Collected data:
[Start of Attachment]
Definition subspace (S : V -> Prop) : Prop :=
  [/\ S 0, forall x y, S x -> S y -> S (x + y) & forall a x, S x -> S (a *: x)].

Definition lspan (l : seq V) (x : V) : Prop :=
  forall S, subspace S -> (forall y, y \in l -> S y) -> S x.

Lemma lspan_ind S l :
  subspace S -> (forall y, y \in l -> S y) -> forall x, lspan l x -> S x.
Proof. by move=> SS Sl x; apply. Qed.

Lemma lspan_subspace l : subspace (lspan l).
Proof.
split=> [S [] //|x y Hx Hy S SS Sl|a x Hx S SS Sl]; case: (SS) => _ SD SZ.
  exact: SD (Hx S SS Sl) (Hy S SS Sl).
exact: SZ (Hx S SS Sl).
Qed.

Lemma lspan0 l : lspan l 0. Proof. by case: (lspan_subspace l). Qed.

Lemma lspanD l x y : lspan l x -> lspan l y -> lspan l (x + y).
Proof. by case: (lspan_subspace l) => _ SD _; apply: SD. Qed.

Lemma lspanZ l a x : lspan l x -> lspan l (a *: x).
Proof. by case: (lspan_subspace l) => _ _ SZ; apply: SZ. Qed.

Lemma lspanB l x y : lspan l x -> lspan l y -> lspan l (x - y).
Proof. by move=> Hx Hy; apply: lspanD Hx _; rewrite -scaleN1r; apply: lspanZ. Qed.

Lemma lspan_mem l x : x \in l -> lspan l x.
Proof. by move=> lx S _; apply. Qed.

Lemma lspan_trans l1 l2 :
  (forall y, y \in l1 -> lspan l2 y) -> forall x, lspan l1 x -> lspan l2 x.
Proof. by apply: lspan_ind; apply: lspan_subspace. Qed.

Lemma lspan_nonzero_mem l1 l2 x :
  (forall y, y != 0 -> y \in l1 -> y \in l2) -> lspan l1 x -> lspan l2 x.
Proof.
move=> l12; apply: lspan_trans => y l1y.
by have [->|/l12/(_ l1y)/lspan_mem] := eqVneq y 0; [apply: lspan0|].
Qed.

Lemma lspan_pivot (phi : V -> R) q l x : lspan l q ->
  lspan (q :: [seq u - phi u *: q | u <- l]) x <-> lspan l x.
Proof.
move=> lq; split; apply: lspan_trans => y.
  rewrite inE => /predU1P[-> //|/mapP[u lu ->]].
  by apply: lspanB (lspanZ _ lq); apply: lspan_mem.
move=> ly; rewrite -(subrK (phi y *: q) y).
apply: (lspanD _ (lspanZ _ (lspan_mem (mem_head _ _)))).
apply: lspan_mem; apply: mem_behead; exact: (map_f (fun u => u - phi u *: q)).
Qed.

End LinearSpan.

Section LinearImage.
Variables (R : pzRingType) (V W : lmodType R) (f : {linear V -> W}).

Lemma lspan_map l x : lspan l x -> lspan (map f l) (f x).
Proof.
apply: (lspan_ind (S := fun x => lspan (map f l) (f x))) => [|y ly]; last first.
  by apply: lspan_mem; apply: map_f.
split=> [|x1 x2|a x1]; rewrite ?linear0 ?linearD ?linearZ.
- exact: lspan0.
- exact: lspanD.
- exact: lspanZ.
Qed.

Lemma lspan_mapP l y : lspan (map f l) y -> exists2 x, lspan l x & y = f x.
Proof.
apply: (lspan_ind (S := fun y => exists2 x, lspan l x & y = f x)) => [|_ /mapP[x lx ->]].
  split=> [|_ _ [x1 l1 ->] [x2 l2 ->]|a _ [x1 l1 ->]].
  - by exists 0; rewrite ?linear0 //; apply: lspan0.
  - by exists (x1 + x2); rewrite ?linearD //; apply: lspanD.
  - by exists (a *: x1); rewrite ?linearZ //; apply: lspanZ.
by exists x => //; apply: lspan_mem.
Qed.

End LinearImage.

Lemma lspan_fixed (R : pzRingType) (V : lmodType R) (f : {linear V -> V}) l x :
  (forall y, y \in l -> f y = y) -> lspan l x -> f x = x.
Proof.
move=> fl; apply: (lspan_ind (S := fun x => f x = x) _ fl).
by split=> [|x1 x2 fx1 fx2|a x1 fx1]; rewrite ?linear0 ?linearD ?linearZ ?fx1 ?fx2.
Qed.

Lemma submx_lspan (K : fieldType) (m k : nat) (M : 'M[K]_(m, k)) (l : seq 'rV_k) v :
  (forall y, y \in l -> (y <= M)%MS) -> lspan l v -> (v <= M)%MS.
Proof.
move=> lM; apply: (lspan_ind (S := fun v => is_true (v <= M)%MS) _ lM).
by split=> [|x y|a x]; [exact: sub0mx | exact: addmx_sub | exact: scalemx_sub].
Qed.

Section StrongInduction.
Variables (T : eqType) (lt : rel T) (s : seq T).
Hypotheses (ltxx : irreflexive lt) (lt_trans : transitive lt).

Lemma ltn_count_lt x y : y \in s -> lt y x -> (count (lt^~ y) s < count (lt^~ x) s)%N.
Proof.
move=> sy yx.
have -> : count (lt^~ x) s =
    (count (lt^~ y) s + count (predC (lt^~ y)) [seq w <- s | lt w x])%N.
  rewrite -size_filter -(count_predC (lt^~ y)) count_filter; congr (_ + _).
  by apply: eq_count => w /=; apply/andP/idP => [[]//|wy]; split=> //; apply: lt_trans yx.
rewrite -[X in (X < _)%N]addn0 ltn_add2l -has_count; apply/hasP; exists y => /=.
  by rewrite mem_filter yx.
by rewrite ltxx.
Qed.

Lemma strong_ind_in (P : T -> Prop) :
  (forall x, x \in s -> (forall y, y \in s -> lt y x -> P y) -> P x) ->
  forall x, x \in s -> P x.
Proof.
move=> IH x; move: {2}(count _ _).+1 (ltnSn (count (lt^~ x) s)) => m.
elim: m x => // m IHm x cx sx; apply: IH => // y sy yx.
by apply: IHm => //; apply: leq_trans (ltn_count_lt sy yx) _.
Qed.

Lemma minimal_in : s != [::] -> exists2 m, m \in s & forall y, y \in s -> ~~ lt y m.
Proof.
move=> s0; have [/hasP[m sm /allP min_m]|no_min] :=
  boolP (has (fun m => all (fun y => ~~ lt y m) s) s); first by exists m.
suff : forall x, x \in s -> False by case: s s0 {no_min} => // x s' _ /(_ x (mem_head x s')).
apply: strong_ind_in => x sx below; apply: (negP no_min); apply/hasP; exists x => //.
by apply/allP => y sy; apply/negP; apply: below.
Qed.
[End of Attachment]
§ **What the exercise asks**
If the string "hasP" is in a line of the entries, pick that line out.

§ **Finished task**
rewrite -[X in (X < _)%N]addn0 ltn_add2l -has_count; apply/hasP; exists y => /=.
move=> s0; have [/hasP[m sm /allP min_m]|no_min] :=
apply: strong_ind_in => x sx below; apply: (negP no_min); apply/hasP; exists x => //.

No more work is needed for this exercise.